#### Supplied data ####

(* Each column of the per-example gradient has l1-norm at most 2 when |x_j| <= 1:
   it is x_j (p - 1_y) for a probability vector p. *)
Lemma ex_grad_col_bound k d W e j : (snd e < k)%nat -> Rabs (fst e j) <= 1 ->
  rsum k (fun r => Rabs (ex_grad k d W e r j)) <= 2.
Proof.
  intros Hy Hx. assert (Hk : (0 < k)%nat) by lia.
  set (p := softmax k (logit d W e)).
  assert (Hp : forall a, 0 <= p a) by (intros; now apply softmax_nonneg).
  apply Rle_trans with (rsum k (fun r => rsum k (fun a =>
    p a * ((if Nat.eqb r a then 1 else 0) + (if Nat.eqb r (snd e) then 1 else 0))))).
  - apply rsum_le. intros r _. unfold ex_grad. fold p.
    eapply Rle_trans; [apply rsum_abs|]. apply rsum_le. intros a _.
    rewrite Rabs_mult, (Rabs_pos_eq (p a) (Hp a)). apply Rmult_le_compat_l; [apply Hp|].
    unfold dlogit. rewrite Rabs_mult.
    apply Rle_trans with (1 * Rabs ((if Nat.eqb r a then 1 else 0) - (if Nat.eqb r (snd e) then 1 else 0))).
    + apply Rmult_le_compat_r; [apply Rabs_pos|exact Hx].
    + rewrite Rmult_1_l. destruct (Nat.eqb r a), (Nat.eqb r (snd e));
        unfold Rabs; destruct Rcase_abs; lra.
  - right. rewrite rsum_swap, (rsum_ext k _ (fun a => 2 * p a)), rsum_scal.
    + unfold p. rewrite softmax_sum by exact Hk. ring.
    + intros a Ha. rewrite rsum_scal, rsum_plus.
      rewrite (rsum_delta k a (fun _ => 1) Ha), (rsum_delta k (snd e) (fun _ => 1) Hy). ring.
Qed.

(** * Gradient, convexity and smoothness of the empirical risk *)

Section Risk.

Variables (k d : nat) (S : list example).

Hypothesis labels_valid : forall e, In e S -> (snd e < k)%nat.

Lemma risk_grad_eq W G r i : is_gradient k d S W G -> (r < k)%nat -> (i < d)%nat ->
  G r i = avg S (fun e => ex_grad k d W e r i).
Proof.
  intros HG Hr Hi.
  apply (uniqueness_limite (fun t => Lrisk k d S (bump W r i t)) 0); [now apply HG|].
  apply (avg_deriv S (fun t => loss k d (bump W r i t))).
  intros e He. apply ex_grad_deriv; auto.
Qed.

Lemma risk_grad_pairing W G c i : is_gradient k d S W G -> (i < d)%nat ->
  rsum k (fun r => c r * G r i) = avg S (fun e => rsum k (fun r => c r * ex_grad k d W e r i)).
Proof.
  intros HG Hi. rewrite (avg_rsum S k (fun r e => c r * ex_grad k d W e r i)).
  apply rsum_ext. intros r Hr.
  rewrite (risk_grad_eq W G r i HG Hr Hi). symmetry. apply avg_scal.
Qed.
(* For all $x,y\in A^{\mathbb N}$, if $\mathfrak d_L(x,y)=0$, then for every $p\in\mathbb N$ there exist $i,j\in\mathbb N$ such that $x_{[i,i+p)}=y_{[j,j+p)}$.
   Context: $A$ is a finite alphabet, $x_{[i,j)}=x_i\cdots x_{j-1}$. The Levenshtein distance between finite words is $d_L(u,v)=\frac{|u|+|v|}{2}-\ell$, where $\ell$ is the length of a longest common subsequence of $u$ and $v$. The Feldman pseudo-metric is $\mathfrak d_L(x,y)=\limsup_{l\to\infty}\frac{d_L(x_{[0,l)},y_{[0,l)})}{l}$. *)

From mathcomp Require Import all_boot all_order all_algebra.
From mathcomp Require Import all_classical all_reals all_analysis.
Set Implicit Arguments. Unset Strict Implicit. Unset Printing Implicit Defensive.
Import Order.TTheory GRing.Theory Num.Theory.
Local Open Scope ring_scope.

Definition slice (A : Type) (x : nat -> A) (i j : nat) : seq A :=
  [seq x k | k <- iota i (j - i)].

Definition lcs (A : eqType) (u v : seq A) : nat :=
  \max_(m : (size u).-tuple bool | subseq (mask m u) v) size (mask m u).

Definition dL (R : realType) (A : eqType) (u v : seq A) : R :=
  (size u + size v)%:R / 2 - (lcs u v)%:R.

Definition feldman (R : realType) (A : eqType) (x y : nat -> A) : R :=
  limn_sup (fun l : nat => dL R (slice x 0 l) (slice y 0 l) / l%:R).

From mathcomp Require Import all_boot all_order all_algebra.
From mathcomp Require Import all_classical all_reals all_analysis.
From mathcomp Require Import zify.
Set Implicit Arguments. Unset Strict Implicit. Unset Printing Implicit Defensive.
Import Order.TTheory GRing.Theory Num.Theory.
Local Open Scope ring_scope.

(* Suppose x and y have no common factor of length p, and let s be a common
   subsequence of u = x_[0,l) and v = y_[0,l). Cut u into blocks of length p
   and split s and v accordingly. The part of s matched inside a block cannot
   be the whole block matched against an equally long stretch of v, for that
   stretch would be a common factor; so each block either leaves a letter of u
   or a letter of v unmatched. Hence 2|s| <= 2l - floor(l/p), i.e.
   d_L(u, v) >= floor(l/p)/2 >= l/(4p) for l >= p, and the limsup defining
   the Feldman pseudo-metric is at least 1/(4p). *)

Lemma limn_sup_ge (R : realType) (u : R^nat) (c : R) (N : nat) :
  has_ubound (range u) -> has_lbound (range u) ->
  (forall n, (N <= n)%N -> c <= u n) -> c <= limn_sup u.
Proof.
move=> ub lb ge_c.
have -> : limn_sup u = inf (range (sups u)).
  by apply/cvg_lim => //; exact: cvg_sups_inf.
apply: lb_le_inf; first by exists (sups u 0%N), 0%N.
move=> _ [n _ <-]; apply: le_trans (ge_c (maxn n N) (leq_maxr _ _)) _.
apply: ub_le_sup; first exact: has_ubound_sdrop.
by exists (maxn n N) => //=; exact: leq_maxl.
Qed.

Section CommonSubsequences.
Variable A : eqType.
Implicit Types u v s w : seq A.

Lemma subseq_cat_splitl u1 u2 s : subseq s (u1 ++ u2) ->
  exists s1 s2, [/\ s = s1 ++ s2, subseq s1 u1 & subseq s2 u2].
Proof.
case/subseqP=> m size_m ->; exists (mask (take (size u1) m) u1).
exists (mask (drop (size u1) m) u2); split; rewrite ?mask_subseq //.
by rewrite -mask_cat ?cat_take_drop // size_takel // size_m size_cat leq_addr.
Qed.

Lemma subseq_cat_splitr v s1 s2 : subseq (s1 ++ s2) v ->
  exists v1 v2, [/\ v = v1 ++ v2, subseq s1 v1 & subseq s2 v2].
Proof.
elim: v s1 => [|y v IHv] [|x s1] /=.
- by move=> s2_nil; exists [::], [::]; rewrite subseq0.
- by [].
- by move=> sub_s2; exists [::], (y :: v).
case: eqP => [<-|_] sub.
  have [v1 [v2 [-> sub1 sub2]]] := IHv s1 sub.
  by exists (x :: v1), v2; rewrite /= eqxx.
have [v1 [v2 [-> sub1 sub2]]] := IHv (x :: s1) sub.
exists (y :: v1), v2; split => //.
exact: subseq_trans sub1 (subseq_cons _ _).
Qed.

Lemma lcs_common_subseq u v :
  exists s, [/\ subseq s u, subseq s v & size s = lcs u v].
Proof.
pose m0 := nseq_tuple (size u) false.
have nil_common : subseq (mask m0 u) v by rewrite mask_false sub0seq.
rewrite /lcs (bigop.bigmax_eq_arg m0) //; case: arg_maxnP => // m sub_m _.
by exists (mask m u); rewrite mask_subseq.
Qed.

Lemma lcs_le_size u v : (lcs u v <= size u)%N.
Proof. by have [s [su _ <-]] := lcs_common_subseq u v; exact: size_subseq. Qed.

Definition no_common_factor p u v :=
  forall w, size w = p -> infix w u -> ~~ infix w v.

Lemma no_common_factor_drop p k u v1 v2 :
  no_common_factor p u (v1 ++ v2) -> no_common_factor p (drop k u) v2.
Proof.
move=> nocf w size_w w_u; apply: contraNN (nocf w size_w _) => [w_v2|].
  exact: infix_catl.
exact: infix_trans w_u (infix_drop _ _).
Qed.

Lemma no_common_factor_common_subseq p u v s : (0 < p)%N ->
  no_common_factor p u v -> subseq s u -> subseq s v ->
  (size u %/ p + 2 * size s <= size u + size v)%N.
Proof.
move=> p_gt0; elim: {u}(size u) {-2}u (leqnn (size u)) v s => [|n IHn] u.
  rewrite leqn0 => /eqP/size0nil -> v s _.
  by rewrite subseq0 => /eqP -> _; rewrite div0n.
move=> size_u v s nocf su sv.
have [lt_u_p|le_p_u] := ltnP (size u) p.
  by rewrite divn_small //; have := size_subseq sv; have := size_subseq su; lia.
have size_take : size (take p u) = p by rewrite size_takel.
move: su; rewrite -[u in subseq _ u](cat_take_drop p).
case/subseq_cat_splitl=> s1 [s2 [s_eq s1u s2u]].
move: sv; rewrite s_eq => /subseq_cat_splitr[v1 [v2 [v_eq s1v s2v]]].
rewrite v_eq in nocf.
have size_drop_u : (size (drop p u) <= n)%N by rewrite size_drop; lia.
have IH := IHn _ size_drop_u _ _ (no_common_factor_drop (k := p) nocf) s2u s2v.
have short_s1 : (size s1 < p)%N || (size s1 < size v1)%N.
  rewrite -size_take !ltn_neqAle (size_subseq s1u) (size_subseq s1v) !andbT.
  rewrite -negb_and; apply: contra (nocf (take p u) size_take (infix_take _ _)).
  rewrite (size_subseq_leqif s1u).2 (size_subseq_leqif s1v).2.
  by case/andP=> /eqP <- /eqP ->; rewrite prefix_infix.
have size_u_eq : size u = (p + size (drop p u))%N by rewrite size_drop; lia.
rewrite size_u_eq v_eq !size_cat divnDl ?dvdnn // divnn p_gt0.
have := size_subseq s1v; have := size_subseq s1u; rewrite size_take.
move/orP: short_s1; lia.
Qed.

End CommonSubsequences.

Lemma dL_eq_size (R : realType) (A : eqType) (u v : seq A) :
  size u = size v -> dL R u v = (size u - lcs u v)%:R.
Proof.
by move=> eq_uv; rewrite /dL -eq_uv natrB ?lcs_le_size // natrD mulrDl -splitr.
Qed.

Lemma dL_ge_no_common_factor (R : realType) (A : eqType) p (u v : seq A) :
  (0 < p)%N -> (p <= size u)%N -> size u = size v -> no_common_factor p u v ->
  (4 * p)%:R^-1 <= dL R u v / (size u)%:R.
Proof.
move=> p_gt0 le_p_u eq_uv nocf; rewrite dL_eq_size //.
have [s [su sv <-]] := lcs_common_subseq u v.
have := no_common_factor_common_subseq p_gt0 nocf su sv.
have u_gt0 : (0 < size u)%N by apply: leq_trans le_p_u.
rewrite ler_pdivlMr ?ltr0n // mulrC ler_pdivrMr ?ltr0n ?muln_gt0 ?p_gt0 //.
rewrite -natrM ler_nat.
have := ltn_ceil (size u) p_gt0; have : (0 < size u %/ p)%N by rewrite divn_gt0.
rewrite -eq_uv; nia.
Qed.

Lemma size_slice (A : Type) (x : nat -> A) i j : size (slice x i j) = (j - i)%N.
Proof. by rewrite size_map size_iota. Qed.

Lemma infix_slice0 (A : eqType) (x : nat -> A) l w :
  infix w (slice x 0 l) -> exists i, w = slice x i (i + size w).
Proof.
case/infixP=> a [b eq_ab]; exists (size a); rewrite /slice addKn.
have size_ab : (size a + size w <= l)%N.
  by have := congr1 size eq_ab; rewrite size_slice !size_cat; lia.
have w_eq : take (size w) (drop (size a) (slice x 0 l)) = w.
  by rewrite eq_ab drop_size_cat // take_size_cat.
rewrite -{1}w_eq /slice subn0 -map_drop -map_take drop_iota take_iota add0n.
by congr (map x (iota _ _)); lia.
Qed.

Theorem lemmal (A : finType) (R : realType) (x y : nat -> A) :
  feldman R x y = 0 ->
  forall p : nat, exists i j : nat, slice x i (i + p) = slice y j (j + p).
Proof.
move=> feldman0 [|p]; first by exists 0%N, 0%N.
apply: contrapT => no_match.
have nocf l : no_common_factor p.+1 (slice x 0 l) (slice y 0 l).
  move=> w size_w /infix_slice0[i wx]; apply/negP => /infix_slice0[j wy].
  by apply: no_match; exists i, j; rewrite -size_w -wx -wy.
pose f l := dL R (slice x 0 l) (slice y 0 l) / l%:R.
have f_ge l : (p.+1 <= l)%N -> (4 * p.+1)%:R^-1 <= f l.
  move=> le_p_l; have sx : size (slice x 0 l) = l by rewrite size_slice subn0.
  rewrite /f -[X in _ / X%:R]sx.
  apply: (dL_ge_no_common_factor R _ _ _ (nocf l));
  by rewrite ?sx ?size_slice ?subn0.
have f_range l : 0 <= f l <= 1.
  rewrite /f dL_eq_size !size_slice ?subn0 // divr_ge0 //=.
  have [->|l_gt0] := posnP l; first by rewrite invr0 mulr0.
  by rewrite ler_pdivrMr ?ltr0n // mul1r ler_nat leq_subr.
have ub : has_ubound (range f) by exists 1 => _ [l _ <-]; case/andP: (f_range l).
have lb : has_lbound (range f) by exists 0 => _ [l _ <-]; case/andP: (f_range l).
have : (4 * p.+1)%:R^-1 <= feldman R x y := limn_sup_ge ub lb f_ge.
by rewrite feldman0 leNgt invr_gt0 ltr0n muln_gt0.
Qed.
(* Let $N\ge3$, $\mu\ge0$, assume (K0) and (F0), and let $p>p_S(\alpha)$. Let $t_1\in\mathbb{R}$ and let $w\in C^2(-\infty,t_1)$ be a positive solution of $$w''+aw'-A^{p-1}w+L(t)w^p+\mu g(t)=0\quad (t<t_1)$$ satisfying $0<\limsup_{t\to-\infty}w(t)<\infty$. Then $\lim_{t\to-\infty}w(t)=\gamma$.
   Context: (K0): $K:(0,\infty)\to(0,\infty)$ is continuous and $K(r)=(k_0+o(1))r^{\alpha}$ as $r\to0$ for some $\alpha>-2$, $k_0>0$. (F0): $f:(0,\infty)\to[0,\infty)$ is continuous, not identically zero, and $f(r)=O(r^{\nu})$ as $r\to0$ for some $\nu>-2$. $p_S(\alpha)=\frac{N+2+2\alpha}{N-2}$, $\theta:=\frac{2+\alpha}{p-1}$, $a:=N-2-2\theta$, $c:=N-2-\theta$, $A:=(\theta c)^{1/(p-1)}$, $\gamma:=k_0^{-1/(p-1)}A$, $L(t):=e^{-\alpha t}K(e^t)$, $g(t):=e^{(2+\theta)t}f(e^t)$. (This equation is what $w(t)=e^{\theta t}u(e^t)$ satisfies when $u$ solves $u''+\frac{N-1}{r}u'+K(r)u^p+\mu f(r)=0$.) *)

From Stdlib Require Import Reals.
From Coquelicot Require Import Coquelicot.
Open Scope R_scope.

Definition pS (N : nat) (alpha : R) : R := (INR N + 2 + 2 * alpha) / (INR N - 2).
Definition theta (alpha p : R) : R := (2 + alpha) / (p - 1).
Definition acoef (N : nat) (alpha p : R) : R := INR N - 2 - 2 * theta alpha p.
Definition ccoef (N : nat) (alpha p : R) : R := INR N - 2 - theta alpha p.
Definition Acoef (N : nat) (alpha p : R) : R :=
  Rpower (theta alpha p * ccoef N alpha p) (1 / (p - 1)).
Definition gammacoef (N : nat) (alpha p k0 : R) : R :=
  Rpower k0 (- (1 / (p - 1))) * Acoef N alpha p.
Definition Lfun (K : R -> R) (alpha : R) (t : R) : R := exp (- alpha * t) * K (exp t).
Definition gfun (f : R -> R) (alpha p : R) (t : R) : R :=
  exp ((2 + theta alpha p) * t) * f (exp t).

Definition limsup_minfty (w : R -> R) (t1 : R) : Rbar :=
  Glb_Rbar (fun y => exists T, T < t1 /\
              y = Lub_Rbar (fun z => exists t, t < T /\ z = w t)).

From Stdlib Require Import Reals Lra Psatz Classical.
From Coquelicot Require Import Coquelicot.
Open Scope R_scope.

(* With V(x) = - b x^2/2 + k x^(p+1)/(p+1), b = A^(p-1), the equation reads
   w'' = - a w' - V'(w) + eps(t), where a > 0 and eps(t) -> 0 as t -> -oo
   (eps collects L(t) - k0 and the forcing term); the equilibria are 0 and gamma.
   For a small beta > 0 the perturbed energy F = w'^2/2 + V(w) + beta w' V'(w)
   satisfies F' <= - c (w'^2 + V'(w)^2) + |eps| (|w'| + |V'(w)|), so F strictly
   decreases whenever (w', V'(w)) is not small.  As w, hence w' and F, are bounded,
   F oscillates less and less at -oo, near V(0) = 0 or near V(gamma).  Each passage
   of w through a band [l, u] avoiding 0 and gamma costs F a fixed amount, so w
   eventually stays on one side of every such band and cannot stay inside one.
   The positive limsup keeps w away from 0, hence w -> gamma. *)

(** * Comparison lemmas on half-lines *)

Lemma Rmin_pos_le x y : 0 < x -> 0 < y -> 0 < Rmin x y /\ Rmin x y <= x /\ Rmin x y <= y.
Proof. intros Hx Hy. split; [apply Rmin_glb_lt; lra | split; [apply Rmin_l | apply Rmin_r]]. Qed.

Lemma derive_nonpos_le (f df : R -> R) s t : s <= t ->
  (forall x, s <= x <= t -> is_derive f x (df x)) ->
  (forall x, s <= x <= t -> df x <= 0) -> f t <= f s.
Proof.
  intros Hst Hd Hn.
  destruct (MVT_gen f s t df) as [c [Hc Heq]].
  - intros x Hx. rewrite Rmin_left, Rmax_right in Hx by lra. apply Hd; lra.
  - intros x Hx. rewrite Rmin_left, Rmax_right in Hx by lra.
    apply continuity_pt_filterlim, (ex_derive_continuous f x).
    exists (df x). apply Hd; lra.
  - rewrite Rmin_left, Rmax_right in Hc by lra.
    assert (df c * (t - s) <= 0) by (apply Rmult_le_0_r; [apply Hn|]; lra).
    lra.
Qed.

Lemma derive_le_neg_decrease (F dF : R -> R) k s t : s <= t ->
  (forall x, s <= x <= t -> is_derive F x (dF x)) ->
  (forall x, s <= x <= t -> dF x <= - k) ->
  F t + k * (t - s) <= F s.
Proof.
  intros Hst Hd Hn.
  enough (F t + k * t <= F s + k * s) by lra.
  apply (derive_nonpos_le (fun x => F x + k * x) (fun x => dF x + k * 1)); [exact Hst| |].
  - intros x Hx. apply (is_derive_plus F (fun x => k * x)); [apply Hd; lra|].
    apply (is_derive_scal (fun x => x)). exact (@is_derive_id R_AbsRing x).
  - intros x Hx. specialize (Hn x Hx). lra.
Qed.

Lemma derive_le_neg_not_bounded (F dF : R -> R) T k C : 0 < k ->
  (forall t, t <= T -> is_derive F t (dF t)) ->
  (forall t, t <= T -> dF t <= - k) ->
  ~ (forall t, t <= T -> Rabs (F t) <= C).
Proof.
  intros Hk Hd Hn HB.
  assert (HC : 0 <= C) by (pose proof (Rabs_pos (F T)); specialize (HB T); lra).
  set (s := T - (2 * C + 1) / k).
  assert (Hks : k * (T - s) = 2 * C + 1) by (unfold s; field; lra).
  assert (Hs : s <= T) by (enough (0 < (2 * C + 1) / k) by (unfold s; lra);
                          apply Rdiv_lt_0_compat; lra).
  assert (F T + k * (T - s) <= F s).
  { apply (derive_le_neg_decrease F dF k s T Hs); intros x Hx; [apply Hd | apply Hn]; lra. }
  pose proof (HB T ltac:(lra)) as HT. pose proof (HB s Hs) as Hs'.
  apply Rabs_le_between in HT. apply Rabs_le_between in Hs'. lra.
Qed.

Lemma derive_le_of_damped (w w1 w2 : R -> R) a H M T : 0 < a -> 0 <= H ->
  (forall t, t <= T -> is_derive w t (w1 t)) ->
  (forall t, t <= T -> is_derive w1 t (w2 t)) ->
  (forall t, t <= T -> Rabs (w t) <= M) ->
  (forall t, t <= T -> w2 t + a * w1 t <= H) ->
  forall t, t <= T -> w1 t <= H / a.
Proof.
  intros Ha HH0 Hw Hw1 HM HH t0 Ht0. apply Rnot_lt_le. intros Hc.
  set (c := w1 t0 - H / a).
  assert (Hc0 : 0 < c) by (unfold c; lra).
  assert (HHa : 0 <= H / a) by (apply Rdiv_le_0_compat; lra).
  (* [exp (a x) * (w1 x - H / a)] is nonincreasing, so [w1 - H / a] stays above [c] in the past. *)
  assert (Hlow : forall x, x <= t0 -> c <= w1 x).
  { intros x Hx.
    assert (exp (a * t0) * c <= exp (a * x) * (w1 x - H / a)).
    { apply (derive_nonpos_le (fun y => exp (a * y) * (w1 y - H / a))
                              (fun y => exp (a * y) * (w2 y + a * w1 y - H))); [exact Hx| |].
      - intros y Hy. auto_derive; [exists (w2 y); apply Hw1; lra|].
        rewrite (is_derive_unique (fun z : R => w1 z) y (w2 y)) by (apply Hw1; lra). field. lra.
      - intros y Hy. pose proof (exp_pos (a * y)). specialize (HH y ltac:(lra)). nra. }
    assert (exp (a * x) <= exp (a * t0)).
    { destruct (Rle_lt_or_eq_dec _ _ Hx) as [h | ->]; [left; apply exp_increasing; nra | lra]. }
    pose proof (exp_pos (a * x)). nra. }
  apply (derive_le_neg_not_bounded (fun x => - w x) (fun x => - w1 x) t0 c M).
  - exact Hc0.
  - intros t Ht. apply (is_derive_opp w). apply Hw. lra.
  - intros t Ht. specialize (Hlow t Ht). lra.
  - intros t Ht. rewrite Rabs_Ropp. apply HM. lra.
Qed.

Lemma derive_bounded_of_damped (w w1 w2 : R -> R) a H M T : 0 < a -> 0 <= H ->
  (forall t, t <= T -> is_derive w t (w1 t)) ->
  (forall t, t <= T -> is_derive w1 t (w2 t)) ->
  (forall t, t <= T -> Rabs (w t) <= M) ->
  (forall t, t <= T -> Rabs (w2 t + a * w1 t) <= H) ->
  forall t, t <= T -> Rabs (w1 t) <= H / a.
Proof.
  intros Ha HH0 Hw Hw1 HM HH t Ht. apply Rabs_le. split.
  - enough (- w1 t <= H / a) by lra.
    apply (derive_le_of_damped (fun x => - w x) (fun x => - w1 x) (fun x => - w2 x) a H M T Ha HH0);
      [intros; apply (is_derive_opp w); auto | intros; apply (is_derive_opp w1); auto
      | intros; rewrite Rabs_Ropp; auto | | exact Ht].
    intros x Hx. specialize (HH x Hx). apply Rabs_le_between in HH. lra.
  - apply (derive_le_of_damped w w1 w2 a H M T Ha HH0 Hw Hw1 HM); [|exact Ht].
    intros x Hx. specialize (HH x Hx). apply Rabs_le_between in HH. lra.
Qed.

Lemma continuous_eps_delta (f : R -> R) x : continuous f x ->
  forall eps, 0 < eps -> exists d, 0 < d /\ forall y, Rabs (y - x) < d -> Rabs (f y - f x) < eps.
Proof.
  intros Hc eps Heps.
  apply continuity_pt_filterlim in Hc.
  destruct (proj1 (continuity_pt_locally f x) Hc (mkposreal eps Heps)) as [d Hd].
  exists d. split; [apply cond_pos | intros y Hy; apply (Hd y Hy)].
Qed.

####

- What you should do:
Nothing but a number is wanted: report how many lines in the entries above contain the string "letter".

- Solution:
2